**Activity**.
Only the lines from the one containing "case: m c a => [|m] c a mc ma." through the one containing "End measurable_gibbs_avg." should be printed, exactly as they appear below, with both ends included.

**Entries shown**.
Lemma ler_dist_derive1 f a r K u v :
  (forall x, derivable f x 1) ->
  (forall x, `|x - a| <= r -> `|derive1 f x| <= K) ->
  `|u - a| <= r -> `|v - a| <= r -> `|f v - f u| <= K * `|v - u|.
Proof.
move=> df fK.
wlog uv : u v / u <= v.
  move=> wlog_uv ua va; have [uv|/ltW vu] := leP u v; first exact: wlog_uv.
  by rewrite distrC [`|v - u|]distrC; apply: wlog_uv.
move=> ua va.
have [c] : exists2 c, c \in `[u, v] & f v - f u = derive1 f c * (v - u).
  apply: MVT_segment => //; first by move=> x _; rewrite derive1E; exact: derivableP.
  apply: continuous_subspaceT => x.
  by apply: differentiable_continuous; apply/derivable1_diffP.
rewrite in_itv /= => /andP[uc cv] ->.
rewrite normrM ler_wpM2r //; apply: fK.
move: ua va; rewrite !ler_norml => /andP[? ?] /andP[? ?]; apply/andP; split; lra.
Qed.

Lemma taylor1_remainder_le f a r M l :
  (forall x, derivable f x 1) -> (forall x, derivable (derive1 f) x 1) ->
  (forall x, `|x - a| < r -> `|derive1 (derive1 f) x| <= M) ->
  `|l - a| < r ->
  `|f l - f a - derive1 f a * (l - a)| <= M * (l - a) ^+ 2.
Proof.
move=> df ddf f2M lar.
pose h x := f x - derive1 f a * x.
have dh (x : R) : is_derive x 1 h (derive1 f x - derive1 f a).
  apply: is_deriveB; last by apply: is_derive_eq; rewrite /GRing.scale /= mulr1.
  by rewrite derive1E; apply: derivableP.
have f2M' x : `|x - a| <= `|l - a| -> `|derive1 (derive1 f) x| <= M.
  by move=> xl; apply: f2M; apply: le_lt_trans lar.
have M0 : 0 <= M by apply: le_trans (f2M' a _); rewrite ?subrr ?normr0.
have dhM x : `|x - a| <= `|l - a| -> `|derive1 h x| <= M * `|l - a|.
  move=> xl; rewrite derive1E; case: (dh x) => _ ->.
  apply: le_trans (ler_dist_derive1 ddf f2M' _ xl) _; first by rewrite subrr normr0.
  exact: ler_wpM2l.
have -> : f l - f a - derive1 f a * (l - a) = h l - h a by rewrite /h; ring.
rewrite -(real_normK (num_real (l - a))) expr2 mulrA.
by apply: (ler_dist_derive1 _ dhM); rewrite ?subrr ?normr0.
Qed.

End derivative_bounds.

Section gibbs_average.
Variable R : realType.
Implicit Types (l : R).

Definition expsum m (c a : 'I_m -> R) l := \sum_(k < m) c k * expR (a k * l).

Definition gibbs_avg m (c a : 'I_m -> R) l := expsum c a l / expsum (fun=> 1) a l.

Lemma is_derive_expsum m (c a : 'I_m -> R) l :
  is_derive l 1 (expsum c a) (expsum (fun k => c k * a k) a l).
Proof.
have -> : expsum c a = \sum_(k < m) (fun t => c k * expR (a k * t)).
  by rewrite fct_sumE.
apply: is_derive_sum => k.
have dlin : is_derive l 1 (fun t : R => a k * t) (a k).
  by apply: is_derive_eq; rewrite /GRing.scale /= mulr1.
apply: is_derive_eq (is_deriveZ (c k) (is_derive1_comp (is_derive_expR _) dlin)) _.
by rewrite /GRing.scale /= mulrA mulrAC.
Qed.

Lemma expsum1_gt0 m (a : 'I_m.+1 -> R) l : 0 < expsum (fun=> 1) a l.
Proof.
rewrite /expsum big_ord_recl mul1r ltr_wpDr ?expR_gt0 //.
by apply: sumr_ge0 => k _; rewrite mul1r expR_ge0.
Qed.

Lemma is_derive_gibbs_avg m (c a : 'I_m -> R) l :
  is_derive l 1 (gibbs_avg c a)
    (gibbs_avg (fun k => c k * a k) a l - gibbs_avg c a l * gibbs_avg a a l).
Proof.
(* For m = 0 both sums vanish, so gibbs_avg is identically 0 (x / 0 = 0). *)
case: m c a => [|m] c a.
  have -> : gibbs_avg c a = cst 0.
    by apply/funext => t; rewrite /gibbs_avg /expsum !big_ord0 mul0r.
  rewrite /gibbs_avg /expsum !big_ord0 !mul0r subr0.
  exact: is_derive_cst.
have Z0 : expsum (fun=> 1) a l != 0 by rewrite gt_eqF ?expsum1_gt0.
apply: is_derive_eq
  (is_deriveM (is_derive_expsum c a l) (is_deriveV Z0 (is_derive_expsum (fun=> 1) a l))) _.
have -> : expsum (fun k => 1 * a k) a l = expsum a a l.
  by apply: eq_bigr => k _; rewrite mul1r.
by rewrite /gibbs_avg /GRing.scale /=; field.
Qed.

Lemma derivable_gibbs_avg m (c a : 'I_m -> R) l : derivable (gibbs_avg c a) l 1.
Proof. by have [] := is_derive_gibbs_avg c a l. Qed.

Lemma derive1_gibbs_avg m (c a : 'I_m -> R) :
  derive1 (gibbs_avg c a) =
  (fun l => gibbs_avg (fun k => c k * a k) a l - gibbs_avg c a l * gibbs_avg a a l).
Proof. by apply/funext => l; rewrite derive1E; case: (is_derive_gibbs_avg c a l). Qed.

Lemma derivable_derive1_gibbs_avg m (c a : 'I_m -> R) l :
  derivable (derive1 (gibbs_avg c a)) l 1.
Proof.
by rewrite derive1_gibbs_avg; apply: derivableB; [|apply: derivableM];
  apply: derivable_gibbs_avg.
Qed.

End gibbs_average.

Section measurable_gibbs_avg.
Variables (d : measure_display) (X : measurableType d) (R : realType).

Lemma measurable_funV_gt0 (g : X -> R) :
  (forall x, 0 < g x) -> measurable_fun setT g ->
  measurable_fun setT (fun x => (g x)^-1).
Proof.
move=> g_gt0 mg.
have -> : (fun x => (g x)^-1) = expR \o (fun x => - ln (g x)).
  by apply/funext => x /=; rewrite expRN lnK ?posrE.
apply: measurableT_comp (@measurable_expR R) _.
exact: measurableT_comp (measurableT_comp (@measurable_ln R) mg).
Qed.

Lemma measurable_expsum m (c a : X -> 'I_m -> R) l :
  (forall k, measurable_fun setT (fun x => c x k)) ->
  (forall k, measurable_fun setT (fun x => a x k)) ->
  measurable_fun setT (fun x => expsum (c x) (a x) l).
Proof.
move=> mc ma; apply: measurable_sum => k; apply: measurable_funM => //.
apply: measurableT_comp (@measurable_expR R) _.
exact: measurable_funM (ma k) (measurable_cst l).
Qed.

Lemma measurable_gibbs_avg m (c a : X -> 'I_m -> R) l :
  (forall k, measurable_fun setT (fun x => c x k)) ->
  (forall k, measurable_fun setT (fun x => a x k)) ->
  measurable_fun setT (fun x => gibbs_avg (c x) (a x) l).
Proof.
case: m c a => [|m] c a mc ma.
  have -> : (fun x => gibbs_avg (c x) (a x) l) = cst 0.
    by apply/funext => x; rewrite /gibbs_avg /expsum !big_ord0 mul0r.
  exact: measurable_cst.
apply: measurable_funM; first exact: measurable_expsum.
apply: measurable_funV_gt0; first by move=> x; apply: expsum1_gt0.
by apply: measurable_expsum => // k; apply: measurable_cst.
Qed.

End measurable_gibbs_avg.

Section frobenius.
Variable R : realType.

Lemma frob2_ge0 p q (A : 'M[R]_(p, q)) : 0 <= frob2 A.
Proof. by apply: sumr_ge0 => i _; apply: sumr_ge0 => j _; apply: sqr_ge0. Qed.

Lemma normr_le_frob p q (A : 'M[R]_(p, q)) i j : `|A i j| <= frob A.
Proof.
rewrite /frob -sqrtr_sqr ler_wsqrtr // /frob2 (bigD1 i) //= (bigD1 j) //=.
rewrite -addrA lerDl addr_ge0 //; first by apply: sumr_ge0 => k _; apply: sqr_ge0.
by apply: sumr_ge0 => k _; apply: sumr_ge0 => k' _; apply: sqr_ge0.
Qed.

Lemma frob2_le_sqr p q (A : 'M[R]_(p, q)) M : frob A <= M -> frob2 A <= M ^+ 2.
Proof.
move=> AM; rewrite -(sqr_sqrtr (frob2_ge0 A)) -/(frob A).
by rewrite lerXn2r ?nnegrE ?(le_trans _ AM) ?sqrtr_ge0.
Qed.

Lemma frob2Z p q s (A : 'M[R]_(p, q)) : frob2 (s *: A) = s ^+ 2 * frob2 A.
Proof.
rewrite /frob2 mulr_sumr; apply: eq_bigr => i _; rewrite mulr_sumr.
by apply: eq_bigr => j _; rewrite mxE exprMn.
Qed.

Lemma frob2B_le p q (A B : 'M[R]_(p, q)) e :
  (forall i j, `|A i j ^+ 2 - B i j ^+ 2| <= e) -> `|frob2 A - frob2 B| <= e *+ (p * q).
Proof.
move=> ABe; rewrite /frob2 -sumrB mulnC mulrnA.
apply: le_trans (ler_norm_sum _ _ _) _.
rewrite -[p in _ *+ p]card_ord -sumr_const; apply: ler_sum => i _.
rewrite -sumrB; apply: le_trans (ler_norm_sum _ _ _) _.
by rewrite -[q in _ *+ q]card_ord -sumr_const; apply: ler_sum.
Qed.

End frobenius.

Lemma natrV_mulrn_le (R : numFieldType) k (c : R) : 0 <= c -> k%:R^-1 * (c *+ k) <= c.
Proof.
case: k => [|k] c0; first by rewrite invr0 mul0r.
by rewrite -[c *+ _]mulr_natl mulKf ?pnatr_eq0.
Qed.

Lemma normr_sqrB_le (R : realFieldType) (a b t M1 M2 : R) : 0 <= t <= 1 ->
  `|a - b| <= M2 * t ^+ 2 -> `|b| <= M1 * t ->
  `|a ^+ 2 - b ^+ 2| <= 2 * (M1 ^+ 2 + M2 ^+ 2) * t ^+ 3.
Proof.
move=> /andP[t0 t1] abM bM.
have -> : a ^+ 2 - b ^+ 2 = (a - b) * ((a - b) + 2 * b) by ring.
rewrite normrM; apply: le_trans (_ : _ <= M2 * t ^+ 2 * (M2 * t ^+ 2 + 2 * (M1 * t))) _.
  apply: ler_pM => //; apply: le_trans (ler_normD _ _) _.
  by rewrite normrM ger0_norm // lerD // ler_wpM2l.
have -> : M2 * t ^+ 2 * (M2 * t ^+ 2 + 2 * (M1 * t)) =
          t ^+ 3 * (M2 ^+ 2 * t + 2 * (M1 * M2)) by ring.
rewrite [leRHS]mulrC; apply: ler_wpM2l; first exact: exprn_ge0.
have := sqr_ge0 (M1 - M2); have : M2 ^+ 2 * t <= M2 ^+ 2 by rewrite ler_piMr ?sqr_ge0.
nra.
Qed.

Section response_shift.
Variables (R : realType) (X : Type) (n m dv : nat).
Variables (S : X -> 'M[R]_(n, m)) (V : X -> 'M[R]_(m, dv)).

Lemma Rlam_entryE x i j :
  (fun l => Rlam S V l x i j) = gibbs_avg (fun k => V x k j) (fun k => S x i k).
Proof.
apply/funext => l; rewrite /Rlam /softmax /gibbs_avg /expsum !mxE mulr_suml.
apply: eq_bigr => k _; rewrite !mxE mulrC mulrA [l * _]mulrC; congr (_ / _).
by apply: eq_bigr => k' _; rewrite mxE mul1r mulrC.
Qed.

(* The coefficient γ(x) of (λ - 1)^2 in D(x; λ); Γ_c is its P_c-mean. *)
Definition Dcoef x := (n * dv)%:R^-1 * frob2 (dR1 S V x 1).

---

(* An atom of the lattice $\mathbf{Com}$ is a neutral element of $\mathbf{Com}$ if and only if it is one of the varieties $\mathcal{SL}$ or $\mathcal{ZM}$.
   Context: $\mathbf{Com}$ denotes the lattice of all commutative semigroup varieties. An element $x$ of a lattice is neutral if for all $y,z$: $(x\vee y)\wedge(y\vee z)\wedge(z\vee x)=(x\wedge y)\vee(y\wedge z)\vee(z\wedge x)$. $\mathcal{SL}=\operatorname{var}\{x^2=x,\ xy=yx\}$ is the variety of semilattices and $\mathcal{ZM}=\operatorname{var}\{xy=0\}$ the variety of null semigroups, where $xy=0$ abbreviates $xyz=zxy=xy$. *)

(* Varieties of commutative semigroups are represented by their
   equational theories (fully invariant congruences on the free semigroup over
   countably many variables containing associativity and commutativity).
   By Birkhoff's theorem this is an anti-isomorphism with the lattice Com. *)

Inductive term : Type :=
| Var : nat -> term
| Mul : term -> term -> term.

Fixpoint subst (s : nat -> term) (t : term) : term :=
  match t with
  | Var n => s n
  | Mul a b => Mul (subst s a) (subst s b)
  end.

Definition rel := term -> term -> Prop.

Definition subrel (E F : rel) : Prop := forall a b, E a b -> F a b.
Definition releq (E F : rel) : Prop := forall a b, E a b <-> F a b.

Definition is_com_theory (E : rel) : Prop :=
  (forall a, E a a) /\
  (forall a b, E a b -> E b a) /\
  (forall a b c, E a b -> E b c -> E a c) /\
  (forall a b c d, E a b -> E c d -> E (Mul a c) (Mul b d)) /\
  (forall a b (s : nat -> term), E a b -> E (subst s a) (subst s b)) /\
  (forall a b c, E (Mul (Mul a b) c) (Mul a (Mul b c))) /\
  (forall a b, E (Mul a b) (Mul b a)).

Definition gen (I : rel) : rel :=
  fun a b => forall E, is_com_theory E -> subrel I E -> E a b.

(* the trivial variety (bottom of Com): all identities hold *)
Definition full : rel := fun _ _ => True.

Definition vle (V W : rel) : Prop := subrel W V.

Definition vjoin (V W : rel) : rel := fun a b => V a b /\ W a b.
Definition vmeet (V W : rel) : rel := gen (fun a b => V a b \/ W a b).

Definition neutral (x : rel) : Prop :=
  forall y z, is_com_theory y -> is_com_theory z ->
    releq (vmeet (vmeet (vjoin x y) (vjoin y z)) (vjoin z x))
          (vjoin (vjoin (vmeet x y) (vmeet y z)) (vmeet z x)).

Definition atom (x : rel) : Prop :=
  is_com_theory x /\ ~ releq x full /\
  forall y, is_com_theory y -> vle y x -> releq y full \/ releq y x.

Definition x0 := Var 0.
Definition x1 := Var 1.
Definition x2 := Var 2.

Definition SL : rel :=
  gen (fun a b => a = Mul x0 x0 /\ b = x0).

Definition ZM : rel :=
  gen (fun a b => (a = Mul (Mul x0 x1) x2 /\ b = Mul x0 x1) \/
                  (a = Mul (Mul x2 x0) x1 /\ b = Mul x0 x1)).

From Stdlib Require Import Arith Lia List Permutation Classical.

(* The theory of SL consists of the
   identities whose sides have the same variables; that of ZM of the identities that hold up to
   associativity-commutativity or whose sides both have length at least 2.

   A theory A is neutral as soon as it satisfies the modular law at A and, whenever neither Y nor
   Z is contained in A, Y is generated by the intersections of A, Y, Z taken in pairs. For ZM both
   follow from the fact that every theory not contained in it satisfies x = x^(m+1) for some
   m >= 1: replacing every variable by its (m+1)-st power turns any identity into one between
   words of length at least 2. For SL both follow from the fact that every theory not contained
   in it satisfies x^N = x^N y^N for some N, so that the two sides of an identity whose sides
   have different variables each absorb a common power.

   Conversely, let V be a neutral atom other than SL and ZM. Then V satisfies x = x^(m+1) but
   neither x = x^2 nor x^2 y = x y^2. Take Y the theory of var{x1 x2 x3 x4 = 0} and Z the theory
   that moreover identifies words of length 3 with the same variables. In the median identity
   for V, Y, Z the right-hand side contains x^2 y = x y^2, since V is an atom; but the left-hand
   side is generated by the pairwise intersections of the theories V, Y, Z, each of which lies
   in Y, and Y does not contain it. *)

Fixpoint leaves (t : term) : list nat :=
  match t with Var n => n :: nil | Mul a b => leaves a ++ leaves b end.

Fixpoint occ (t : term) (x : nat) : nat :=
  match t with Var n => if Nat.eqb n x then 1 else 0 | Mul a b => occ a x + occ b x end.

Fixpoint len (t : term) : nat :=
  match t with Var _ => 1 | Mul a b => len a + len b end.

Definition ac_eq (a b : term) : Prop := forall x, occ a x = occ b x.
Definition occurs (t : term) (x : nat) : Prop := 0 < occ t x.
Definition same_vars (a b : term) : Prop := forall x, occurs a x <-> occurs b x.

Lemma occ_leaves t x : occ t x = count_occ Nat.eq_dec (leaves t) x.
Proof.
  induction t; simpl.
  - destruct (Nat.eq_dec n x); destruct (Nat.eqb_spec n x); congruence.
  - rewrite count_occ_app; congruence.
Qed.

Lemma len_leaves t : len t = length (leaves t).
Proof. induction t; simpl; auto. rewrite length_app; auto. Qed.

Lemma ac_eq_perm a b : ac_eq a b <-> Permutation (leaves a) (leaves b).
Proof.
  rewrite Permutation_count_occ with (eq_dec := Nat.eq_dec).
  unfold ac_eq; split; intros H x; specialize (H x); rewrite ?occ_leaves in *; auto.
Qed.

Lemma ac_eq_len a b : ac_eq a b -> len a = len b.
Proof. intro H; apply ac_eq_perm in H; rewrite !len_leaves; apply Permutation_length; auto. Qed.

* * *

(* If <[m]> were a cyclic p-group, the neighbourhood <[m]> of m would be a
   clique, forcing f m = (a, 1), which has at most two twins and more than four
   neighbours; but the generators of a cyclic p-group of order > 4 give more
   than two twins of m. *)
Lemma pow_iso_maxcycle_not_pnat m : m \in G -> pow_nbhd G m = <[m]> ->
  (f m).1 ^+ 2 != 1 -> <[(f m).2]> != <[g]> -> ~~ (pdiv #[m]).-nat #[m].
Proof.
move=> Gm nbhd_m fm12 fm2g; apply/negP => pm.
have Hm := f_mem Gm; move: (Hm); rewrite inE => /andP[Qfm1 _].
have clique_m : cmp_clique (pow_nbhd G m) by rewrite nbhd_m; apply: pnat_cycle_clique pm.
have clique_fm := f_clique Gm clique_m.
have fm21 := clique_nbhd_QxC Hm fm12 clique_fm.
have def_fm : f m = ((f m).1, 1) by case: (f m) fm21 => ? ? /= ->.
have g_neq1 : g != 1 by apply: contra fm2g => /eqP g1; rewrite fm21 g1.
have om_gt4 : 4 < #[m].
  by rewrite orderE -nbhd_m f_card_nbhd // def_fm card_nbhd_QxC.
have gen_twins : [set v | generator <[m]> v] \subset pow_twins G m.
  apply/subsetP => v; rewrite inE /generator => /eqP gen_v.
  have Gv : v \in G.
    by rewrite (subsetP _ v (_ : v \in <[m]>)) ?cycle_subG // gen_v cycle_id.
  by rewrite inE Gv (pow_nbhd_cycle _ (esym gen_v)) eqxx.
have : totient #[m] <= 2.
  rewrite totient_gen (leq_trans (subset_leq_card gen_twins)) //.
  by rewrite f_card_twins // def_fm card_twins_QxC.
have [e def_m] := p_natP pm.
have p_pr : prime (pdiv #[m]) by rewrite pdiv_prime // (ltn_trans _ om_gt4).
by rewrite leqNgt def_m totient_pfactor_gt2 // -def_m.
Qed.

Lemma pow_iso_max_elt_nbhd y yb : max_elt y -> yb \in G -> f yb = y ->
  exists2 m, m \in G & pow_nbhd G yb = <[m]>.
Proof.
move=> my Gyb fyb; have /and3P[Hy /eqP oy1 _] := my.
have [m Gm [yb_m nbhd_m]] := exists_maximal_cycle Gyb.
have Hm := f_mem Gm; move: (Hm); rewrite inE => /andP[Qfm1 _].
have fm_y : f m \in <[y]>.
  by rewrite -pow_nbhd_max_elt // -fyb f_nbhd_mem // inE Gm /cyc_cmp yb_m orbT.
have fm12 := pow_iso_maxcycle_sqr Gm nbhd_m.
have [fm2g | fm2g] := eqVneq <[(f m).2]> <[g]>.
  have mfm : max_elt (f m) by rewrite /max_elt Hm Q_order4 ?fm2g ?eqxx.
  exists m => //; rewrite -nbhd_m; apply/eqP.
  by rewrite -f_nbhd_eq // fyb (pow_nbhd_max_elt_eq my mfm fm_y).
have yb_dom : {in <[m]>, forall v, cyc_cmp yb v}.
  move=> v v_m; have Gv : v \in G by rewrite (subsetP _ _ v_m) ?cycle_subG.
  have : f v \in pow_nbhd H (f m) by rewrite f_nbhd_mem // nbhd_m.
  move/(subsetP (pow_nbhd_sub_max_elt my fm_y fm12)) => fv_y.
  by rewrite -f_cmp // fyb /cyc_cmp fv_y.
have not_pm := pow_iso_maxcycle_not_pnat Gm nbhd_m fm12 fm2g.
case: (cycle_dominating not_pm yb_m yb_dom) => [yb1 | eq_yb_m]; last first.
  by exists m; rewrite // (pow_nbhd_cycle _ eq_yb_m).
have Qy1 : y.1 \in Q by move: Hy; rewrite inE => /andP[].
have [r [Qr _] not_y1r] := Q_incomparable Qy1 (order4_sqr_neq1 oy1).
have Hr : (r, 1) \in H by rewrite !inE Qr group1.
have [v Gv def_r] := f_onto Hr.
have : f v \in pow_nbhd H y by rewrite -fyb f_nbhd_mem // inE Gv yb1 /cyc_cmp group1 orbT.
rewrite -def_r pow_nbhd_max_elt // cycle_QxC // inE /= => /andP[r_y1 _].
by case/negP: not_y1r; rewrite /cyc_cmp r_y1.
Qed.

**Your solution**.
case: m c a => [|m] c a mc ma.
  have -> : (fun x => gibbs_avg (c x) (a x) l) = cst 0.
    by apply/funext => x; rewrite /gibbs_avg /expsum !big_ord0 mul0r.
  exact: measurable_cst.
apply: measurable_funM; first exact: measurable_expsum.
apply: measurable_funV_gt0; first by move=> x; apply: expsum1_gt0.
by apply: measurable_expsum => // k; apply: measurable_cst.
Qed.

End measurable_gibbs_avg.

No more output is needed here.